[
https://issues.apache.org/jira/browse/PHOENIX-5148?page=com.atlassian.jira.plugin.system.issuetabpanels:all-tabpanel
]
chenglei updated PHOENIX-5148:
------------------------------
Description:
Given a table
{code:java}
create table test (
pk1 varchar not null ,
pk2 varchar not null,
pk3 varchar not null,
v1 varchar,
v2 varchar,
CONSTRAINT TEST_PK PRIMARY KEY (
pk1,
pk2,
pk3 ))
{code}
Consider following three cases:
*1. OrderBy of ClientScanPlan*
for sql:
{code:java}
select v1 from (select v1,v2,pk3 from test t where pk1 = '6' order by
t.v2,t.pk3,t.v1 limit 10) a order by v2,pk3
{code}
Obviously, the outer {{OrderBy}} "order by v2,pk3" should be compiled out
because it matchs the inner query {{OrderBy}} "order by t.v2,t.pk3,t.v1" , but
unfortunately it is not compiled out.
*2. GroupBy of ClientAggregatePlan*
for sql :
{code:java}
select v1 from (select v1,pk2,pk1 from test t where pk1 = '6' order by
t.pk2,t.v1,t.pk1 limit 10) a group by pk2,v1
{code}
Obviously, the outer {{GroupBy}} "group by pk2,v1" should be orderPreserving
because it matchs the inner query {{OrderBy}} "order by t.pk2,t.v1,t.pk1" , but
unfortunately the {{isOrderPreserving()}} of outer {{GroupBy}} return false.

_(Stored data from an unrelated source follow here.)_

Definition in_varinjlim (C : rmod -> Prop) (T : rmod) : Prop :=
  exists (I : Type) (le : I -> I -> Prop) (M : I -> rmod)
         (f : forall i j, le i j -> {linear M i -> M j})
         (g : forall i, {linear M i -> T}),
    directed le /\ (forall i, C (M i)) /\ direct_system f /\ is_direct_limit f g.

Definition cov_finite_in_fp (C : rmod -> Prop) : Prop :=
  (forall M, C M -> fin_presented M) /\
  (forall F : rmod, fin_presented F ->
     exists (C0 : rmod) (p : {linear F -> C0}), C C0 /\
       forall (C1 : rmod) (k : {linear F -> C1}), C C1 ->
         exists t : {linear C0 -> C1}, forall x, t (p x) = k x).

(* The inverse system (Hom(C_n,T), Hom(c_mn,T)) is Mittag-Leffler:
   for each n there is m >= n with Im h_nk = Im h_nm for all k >= m,
   where h_nk : Hom(C_k,T) -> Hom(C_n,T), phi |-> phi o c_nk. *)
Definition hom_ML (Cs : nat -> rmod)
  (c : forall n m, (n <= m)%N -> {linear Cs n -> Cs m}) (T : rmod) : Prop :=
  forall n, exists m (hnm : (n <= m)%N), forall k (hnk : (n <= k)%N), (m <= k)%N ->
    forall psi : {linear Cs n -> T},
      (exists phi : {linear Cs k -> T}, forall x, psi x = phi (c n k hnk x)) <->
      (exists phi : {linear Cs m -> T}, forall x, psi x = phi (c n m hnm x)).

Definition pure_mono (A B : rmod) (f : {linear A -> B}) : Prop :=
  injective f /\
  forall (n m : nat) (r : 'I_n -> 'I_m -> R^c) (a : 'I_m -> A),
    (exists x : 'I_n -> B, forall i, \sum_(j < n) r j i *: x j = f (a i)) ->
    exists y : 'I_n -> A, forall i, \sum_(j < n) r j i *: y j = a i.

Definition pure_injective (M : rmod) : Prop :=
  forall (A B : rmod) (f : {linear A -> B}), pure_mono f ->
    forall g : {linear A -> M}, exists h : {linear B -> M}, forall a, h (f a) = g a.

Definition is_direct_sum_of_copies (T M : rmod) : Prop :=
  exists (I : Type) (iota : I -> {linear T -> M}),
    forall (N : rmod) (q : I -> {linear T -> N}),
      (exists u : {linear M -> N}, forall i x, u (iota i x) = q i x) /\
      (forall u v : {linear M -> N},
         (forall i x, u (iota i x) = v (iota i x)) -> forall y, u y = v y).

Definition sigma_pure_injective (T : rmod) : Prop :=
  forall M : rmod, is_direct_sum_of_copies T M -> pure_injective M.

End ModuleTheory.

(* The argument runs through the descending chain condition on pp-definable
   subgroups.  A module with this condition is algebraically compact: by the
   minimal condition, a finitely solvable system of equations has, at each
   unknown, a value compatible with every finite subsystem, and Zorn's lemma
   assembles these values into a solution.  Hence it is pure-injective, and the
   condition passes to direct sums of copies since pp-formulas are evaluated
   coordinatewise.
   For T in lim C, a descending chain of pp-formulas has free realizations
   (F_n, u_n) with maps F_n -> F_(n+1) sending u_n to u_(n+1); C-preenvelopes
   F_n -> C_n turn them into a direct system of modules of C with compatible
   elements e_n.  As T is a direct limit of modules of C, t satisfies the n-th
   formula iff t = h (e_n) for some h : C_n -> T, so the Mittag-Leffler
   condition at stage 0 makes the chain of pp-subgroups of T stabilise. *)

From HB Require Import structures.
From mathcomp Require Import all_boot all_algebra.
From mathcomp Require Import boolp generic_quotient.
From mathcomp Require classical_sets.
Set Implicit Arguments. Unset Strict Implicit. Unset Printing Implicit Defensive.
Import GRing.Theory.
Local Open Scope ring_scope.

Definition linear_of (K : pzRingType) (U W : lmodType K) (h : U -> W)
    (hl : linear h) : {linear U -> W} :=
  HB.pack h (GRing.isLinear.Build K U W _ h hl).

Definition is_submod (K : pzRingType) (V : lmodType K) (S : V -> Prop) :=
  [/\ S 0, forall x y, S x -> S y -> S (x - y) & forall a x, S x -> S (a *: x)].

Section Quotmod.
Local Open Scope quotient_scope.
Variables (K : pzRingType) (V : lmodType K) (S : V -> Prop).
Hypothesis S_submod : is_submod S.

Let S0 : S 0. Proof. by case: S_submod. Qed.
Let SB x y : S x -> S y -> S (x - y). Proof. by case: S_submod => _ + _; apply. Qed.
Let SZ a x : S x -> S (a *: x). Proof. by case: S_submod => _ _; apply. Qed.
Let SN x : S x -> S (- x). Proof. by move=> Sx; rewrite -sub0r; apply: SB. Qed.
Let SD x y : S x -> S y -> S (x + y).
Proof. by move=> Sx Sy; rewrite -[y]opprK; apply/SB/SN. Qed.

Definition quotmod_equiv (x y : V) := `[< S (x - y) >].

Lemma quotmod_equiv_is_equiv : equiv_class_of quotmod_equiv.
Proof.
split=> [x|x y|y x z]; rewrite /quotmod_equiv.
- by apply/asboolP; rewrite subrr; apply: S0.
- by apply/asboolP/asboolP => /SN; rewrite opprB.
- move=> /asboolP Sxy /asboolP Syz; apply/asboolP.
  by rewrite -[x](subrK y) -addrA; apply: SD.
Qed.

Canonical quotmod_equiv_equiv := EquivRelPack quotmod_equiv_is_equiv.
Canonical quotmod_equiv_encModRel := defaultEncModRel quotmod_equiv.

Definition quotmod := {eq_quot quotmod_equiv}.
HB.instance Definition _ : EqQuotient V quotmod_equiv quotmod := EqQuotient.on quotmod.
HB.instance Definition _ := Choice.on quotmod.

Lemma quotmod_eqmodE x y : (x == y %[mod quotmod]) = `[< S (x - y) >].
Proof. by rewrite piE. Qed.

Lemma quotmod_pi_eq x y : S (x - y) -> \pi_quotmod x = \pi_quotmod y.
Proof. by move=> Sxy; apply/eqP; rewrite quotmod_eqmodE; apply/asboolP. Qed.

Lemma quotmod_repr_pi x : S (x - repr (\pi_quotmod x)).
Proof. by rewrite -opprB; apply/SN/asboolP; rewrite -quotmod_eqmodE reprK. Qed.

Definition quotmod_zero : quotmod := \pi_quotmod 0.
Definition quotmod_add := locked (fun a b : quotmod => \pi_quotmod (repr a + repr b)).
Definition quotmod_opp := locked (fun a : quotmod => \pi_quotmod (- repr a)).
Definition quotmod_scale := locked (fun k (a : quotmod) => \pi_quotmod (k *: repr a)).

Lemma quotmod_pi_add x y : \pi_quotmod (x + y) = quotmod_add (\pi x) (\pi y).
Proof.
unlock quotmod_add; apply: quotmod_pi_eq; rewrite opprD addrACA.
by apply/SD/quotmod_repr_pi/quotmod_repr_pi.
Qed.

*3. OrderBy of SortMergeJoinPlan(from PHOENIX-4618)*
for sql:
{code:java}
SELECT * FROM T1 JOIN T2 ON T1.a = T2.a and T1.b = T2.b{code}
The result of the sort-merge-join is sorted on (T1.a, T1.b) and (T2.a, T2.b) at
the same time.
Thus, both 1)
{code:java}
SELECT * FROM T1 JOIN T2 ON T1.a = T2.a and T1.b = T2.b ORDER BY T1.a,
T1.b{code}
and 2)
{code:java}
SELECT * FROM T1 JOIN T2 ON T1.a = T2.a and T1.b = T2.b ORDER BY T2.a,
T2.b{code}
should avoid doing an extra order-by after the sort-merge-join operation.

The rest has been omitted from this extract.